Problem details ▸
Return only those lines of the listing that hold the word "comNzRingType".

Top of Task inputs

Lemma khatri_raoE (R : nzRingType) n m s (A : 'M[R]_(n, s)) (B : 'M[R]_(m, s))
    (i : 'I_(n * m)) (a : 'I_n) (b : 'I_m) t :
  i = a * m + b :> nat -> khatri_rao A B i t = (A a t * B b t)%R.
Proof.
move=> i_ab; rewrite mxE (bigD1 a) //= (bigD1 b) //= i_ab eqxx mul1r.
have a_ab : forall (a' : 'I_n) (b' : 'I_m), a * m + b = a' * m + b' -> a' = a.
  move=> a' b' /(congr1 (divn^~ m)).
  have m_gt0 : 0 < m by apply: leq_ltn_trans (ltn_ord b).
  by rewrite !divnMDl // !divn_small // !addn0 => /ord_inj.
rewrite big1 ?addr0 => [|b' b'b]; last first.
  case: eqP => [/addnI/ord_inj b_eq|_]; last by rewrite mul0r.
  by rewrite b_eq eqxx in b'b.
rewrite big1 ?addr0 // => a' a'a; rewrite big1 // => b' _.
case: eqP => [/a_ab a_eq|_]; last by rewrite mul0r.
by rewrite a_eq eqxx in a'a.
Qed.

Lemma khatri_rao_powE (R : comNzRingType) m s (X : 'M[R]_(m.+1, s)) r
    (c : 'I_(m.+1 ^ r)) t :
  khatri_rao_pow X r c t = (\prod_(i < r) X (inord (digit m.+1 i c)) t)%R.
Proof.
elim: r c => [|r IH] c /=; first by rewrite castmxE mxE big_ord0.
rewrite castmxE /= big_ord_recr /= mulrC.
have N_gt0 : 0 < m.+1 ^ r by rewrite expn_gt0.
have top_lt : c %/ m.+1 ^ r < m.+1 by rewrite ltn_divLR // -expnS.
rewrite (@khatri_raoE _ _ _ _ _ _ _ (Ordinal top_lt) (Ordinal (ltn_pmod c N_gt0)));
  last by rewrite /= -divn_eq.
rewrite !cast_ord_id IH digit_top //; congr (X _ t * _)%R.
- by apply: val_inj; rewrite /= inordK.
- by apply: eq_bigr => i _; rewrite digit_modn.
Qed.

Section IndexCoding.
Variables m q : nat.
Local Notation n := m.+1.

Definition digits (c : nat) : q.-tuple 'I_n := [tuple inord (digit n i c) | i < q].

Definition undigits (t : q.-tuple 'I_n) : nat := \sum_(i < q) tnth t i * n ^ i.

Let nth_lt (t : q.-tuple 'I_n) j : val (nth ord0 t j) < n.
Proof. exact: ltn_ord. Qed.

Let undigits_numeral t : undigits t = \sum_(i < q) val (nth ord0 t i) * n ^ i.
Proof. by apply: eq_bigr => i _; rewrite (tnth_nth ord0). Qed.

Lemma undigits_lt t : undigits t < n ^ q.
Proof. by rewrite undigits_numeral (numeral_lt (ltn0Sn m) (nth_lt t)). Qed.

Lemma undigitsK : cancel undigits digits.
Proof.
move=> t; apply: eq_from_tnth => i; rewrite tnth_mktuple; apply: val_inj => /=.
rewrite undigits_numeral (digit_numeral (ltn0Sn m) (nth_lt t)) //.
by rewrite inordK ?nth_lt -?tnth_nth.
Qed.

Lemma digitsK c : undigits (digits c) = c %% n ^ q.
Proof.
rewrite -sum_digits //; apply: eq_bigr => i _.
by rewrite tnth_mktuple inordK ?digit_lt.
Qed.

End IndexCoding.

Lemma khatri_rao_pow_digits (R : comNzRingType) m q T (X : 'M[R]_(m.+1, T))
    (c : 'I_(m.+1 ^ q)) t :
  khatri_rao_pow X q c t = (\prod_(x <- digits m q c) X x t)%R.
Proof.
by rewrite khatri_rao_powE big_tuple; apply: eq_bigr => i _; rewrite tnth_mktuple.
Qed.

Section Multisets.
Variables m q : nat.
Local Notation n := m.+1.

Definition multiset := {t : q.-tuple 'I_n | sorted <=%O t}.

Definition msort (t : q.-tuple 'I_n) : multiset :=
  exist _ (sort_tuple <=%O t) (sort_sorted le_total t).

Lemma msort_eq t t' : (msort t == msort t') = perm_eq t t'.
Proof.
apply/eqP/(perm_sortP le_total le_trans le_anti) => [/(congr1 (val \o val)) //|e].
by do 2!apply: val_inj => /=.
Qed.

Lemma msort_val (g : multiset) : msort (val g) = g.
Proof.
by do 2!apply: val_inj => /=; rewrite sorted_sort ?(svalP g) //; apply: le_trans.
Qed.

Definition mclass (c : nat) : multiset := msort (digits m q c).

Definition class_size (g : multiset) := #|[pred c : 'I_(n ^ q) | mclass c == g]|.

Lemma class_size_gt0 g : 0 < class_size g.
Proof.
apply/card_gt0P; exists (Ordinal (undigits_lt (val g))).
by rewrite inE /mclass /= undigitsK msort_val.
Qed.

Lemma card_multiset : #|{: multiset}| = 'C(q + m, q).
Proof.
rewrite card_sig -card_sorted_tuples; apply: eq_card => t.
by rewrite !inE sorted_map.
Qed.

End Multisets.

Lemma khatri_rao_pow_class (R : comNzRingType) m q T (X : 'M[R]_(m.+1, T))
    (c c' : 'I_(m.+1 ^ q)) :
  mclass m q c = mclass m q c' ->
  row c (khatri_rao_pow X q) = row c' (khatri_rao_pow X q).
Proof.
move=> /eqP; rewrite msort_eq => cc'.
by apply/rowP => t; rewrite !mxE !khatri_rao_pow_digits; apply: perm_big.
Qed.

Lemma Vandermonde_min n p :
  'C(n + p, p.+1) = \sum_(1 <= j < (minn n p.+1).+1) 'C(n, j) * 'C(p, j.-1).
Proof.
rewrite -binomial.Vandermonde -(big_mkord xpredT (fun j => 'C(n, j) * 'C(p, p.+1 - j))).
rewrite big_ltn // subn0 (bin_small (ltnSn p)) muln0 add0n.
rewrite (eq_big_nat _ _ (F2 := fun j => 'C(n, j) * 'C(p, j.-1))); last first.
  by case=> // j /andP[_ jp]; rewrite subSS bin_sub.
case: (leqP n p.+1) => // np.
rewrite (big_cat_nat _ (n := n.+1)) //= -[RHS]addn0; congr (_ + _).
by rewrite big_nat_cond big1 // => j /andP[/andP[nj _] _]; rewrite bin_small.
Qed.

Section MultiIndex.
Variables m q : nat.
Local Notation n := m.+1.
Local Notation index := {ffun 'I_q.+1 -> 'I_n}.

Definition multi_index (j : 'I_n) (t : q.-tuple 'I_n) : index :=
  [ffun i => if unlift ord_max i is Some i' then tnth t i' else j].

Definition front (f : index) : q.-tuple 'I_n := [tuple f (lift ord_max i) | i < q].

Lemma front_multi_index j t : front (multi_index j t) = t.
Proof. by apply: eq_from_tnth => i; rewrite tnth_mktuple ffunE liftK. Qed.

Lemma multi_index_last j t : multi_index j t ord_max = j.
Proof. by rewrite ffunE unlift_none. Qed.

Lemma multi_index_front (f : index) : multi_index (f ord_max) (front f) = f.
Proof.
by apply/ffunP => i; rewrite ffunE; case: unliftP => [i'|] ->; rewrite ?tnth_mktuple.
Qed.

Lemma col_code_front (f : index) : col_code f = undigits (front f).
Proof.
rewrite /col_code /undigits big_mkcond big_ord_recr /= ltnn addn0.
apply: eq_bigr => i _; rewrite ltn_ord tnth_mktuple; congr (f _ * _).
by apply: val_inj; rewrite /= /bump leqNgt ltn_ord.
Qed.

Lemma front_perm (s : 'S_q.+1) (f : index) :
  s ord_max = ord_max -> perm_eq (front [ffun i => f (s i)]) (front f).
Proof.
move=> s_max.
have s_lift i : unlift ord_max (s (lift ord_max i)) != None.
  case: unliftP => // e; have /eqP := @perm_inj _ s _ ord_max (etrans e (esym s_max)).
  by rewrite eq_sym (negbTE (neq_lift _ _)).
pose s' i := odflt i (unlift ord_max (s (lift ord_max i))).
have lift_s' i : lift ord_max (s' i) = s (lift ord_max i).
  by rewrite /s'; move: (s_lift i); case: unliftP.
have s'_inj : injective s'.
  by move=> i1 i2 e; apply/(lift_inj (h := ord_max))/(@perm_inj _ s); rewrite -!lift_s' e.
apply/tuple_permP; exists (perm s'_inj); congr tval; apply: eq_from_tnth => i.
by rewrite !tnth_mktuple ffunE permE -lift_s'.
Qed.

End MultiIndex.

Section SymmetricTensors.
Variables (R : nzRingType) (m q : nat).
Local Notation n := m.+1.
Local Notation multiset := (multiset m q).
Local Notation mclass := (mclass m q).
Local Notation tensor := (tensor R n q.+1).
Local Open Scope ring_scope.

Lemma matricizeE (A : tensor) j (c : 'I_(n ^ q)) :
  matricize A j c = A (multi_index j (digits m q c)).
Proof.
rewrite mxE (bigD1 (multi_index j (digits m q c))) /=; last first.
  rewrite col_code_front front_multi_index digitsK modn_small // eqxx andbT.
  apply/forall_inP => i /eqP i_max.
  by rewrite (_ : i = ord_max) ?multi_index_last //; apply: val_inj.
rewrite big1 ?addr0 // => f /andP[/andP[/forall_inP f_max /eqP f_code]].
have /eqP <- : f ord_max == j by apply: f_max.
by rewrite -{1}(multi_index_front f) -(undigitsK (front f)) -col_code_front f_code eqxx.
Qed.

Bottom of Task inputs
Top of Task inputs

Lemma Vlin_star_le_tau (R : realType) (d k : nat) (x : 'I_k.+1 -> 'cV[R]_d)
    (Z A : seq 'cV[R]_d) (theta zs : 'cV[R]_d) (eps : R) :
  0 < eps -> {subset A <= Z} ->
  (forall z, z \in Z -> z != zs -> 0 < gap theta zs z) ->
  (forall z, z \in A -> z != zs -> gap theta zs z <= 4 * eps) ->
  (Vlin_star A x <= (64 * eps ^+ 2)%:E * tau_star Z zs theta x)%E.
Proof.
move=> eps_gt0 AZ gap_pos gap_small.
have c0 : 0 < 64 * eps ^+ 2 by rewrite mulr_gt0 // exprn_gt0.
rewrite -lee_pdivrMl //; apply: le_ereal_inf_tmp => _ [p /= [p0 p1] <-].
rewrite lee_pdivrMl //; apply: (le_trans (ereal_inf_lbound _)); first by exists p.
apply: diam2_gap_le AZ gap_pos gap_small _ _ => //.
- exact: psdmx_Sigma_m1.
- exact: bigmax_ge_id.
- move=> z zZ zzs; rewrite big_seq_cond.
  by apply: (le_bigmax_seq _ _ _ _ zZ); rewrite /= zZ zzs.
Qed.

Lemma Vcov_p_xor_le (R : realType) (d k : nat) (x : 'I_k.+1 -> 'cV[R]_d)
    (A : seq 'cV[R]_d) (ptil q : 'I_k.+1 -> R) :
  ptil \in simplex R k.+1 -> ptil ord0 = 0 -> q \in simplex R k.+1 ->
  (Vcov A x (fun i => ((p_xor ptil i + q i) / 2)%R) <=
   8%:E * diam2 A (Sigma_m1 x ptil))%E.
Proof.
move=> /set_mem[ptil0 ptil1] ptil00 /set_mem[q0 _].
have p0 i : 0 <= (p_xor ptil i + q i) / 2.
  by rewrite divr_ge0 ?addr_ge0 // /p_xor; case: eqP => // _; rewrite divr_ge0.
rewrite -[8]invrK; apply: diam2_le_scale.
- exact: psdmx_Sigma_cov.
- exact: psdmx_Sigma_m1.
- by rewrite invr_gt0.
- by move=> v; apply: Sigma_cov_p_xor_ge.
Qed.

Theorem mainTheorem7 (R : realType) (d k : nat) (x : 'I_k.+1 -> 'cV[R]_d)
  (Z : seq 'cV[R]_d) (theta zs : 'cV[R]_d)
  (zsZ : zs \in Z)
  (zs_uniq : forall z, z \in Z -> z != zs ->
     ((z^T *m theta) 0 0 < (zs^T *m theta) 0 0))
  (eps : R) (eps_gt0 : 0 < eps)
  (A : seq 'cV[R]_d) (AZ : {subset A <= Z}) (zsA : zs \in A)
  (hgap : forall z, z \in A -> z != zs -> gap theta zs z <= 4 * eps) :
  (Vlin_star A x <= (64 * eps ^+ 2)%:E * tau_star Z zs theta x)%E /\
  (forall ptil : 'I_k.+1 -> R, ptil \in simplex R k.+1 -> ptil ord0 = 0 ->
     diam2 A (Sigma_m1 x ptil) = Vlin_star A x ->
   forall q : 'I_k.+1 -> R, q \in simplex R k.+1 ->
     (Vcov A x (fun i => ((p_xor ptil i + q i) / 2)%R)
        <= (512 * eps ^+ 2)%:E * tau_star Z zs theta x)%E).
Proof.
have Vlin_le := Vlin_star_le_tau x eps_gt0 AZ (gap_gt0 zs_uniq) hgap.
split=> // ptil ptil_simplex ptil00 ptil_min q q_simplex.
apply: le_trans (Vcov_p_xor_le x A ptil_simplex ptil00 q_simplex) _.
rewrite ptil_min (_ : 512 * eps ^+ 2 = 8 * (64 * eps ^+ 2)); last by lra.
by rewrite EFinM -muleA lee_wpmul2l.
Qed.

Bottom of Task inputs
Top of Task inputs

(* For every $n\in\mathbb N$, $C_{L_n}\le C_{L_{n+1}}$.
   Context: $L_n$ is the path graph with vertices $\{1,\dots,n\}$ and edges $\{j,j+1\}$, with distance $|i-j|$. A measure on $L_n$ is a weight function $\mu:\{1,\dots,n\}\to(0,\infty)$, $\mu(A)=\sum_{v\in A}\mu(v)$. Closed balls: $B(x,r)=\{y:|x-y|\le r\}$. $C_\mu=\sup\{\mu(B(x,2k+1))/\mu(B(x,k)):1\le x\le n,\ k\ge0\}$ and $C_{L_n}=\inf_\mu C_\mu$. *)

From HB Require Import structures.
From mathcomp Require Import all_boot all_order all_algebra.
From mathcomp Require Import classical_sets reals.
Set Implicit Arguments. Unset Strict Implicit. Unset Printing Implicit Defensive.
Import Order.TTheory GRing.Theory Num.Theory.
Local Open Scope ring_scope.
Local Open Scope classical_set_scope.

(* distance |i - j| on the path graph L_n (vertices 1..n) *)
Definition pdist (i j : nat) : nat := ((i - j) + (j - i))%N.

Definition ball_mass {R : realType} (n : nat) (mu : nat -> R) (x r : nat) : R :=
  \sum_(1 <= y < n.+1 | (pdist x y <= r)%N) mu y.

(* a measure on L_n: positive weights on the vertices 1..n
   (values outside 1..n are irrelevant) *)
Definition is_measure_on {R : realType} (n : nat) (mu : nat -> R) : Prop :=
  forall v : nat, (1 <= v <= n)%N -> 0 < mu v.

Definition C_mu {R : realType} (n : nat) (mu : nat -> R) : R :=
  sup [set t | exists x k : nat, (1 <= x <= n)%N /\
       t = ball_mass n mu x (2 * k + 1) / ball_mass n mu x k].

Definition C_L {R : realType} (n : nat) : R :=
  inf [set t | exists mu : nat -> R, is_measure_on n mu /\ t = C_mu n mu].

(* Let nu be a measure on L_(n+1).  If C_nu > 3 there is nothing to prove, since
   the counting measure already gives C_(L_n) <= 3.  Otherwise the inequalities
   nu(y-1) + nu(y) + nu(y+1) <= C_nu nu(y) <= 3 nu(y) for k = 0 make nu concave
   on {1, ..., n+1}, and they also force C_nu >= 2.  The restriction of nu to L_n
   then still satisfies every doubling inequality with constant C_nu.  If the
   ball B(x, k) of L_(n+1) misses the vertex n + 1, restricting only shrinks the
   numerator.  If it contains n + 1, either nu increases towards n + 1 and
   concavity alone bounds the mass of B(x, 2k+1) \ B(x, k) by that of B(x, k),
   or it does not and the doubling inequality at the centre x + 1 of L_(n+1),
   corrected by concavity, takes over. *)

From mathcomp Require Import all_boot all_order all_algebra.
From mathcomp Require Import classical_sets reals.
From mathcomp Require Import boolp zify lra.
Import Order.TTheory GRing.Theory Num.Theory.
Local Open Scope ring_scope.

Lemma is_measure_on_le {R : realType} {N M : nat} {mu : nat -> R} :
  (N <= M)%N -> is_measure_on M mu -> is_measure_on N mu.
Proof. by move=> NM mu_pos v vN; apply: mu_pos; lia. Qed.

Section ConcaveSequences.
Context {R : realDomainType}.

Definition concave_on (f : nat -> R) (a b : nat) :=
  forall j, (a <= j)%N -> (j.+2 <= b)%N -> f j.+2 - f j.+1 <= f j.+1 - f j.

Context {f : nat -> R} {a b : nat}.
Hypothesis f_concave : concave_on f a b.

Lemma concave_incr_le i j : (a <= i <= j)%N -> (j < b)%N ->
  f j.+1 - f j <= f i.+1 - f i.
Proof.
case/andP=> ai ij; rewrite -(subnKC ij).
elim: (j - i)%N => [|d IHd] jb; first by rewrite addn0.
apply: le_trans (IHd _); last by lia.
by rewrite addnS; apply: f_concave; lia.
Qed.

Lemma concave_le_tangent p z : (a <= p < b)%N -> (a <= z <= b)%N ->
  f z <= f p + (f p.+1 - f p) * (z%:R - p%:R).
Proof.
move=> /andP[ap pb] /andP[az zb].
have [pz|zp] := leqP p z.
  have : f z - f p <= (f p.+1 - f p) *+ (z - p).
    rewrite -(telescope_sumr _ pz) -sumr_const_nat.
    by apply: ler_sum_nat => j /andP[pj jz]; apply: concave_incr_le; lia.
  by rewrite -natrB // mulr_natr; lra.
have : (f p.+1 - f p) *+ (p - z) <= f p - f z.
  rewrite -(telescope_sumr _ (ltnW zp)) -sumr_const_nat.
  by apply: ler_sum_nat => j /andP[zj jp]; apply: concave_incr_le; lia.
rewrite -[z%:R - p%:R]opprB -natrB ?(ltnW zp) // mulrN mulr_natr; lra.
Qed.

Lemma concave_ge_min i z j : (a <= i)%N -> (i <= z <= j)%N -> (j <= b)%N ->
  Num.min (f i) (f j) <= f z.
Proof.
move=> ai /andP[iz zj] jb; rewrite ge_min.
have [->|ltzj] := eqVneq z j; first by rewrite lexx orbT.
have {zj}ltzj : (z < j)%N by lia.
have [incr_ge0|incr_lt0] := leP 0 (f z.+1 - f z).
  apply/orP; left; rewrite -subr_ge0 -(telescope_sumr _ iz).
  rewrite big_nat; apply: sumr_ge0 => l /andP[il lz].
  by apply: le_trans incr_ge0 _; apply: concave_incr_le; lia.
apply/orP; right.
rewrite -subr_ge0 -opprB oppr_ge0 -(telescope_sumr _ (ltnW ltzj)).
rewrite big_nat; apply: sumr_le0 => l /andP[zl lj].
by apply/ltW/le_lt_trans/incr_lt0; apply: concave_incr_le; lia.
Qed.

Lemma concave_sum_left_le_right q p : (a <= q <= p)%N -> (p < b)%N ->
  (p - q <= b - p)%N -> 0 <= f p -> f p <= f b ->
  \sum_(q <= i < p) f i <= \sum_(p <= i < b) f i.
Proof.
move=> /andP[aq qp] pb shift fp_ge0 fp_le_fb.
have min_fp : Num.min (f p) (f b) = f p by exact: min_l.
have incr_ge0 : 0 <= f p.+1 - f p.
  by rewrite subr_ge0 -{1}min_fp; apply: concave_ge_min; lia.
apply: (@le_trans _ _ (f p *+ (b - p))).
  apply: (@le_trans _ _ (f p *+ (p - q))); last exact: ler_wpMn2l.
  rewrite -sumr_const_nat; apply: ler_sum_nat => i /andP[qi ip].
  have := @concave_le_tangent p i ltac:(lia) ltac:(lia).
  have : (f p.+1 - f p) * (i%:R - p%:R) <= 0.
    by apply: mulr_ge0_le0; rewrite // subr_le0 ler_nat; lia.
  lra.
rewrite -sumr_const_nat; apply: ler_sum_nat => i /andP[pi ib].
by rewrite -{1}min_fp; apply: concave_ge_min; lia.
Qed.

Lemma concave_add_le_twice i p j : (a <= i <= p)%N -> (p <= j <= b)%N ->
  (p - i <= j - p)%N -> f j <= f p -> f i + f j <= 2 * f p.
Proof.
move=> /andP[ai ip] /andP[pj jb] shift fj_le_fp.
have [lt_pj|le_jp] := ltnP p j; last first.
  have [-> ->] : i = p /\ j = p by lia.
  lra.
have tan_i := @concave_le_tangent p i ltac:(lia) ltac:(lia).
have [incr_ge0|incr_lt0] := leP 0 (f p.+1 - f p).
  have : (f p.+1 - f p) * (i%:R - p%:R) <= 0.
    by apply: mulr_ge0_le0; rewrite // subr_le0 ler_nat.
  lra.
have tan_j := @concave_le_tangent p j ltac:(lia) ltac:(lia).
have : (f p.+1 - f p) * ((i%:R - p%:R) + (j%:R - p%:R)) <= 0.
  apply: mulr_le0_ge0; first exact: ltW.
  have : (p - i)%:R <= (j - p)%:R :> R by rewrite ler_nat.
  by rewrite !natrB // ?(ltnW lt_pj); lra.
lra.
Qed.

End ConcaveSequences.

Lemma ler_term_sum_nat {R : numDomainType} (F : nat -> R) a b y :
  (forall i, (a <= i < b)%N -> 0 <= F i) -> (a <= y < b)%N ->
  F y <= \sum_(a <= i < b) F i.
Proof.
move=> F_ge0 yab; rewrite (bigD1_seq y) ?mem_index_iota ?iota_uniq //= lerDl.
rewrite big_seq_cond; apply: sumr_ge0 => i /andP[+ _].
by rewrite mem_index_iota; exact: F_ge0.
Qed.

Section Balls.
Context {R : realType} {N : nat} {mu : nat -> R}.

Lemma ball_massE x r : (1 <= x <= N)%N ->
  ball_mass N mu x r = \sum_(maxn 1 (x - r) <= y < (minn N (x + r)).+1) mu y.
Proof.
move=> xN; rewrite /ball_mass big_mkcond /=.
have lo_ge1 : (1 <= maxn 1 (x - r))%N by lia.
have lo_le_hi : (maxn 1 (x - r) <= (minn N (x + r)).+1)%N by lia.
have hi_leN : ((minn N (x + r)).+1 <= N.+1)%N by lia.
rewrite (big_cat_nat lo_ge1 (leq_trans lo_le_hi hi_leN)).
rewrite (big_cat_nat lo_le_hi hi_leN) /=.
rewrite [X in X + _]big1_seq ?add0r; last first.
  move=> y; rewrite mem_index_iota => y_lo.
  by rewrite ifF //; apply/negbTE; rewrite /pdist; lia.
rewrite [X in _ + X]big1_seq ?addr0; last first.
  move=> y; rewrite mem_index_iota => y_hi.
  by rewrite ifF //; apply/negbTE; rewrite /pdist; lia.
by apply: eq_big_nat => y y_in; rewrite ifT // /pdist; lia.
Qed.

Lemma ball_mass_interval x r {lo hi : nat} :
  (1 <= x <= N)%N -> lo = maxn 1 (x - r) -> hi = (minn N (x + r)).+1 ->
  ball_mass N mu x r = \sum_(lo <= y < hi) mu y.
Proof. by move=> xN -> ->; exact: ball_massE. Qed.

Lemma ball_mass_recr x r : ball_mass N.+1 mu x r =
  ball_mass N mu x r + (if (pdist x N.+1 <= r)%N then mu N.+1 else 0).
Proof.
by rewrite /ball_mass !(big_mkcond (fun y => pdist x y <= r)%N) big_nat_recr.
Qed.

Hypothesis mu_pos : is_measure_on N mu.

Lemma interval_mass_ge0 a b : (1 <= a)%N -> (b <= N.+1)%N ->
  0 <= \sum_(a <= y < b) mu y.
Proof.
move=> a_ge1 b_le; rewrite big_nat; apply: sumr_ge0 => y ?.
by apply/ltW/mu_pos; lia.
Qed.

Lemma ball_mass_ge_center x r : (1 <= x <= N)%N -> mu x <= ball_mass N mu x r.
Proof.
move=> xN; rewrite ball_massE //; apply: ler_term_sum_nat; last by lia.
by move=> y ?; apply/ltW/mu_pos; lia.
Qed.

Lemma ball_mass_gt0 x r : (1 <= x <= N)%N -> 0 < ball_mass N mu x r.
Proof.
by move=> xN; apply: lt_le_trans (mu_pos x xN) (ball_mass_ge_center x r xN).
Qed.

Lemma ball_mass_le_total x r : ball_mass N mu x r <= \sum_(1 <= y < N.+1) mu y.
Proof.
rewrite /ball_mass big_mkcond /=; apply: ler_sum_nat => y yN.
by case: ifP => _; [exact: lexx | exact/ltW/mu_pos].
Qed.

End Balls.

Bottom of Task inputs

Answer space ▸
Lemma khatri_rao_powE (R : comNzRingType) m s (X : 'M[R]_(m.+1, s)) r
Lemma khatri_rao_pow_digits (R : comNzRingType) m q T (X : 'M[R]_(m.+1, T))
Lemma khatri_rao_pow_class (R : comNzRingType) m q T (X : 'M[R]_(m.+1, T))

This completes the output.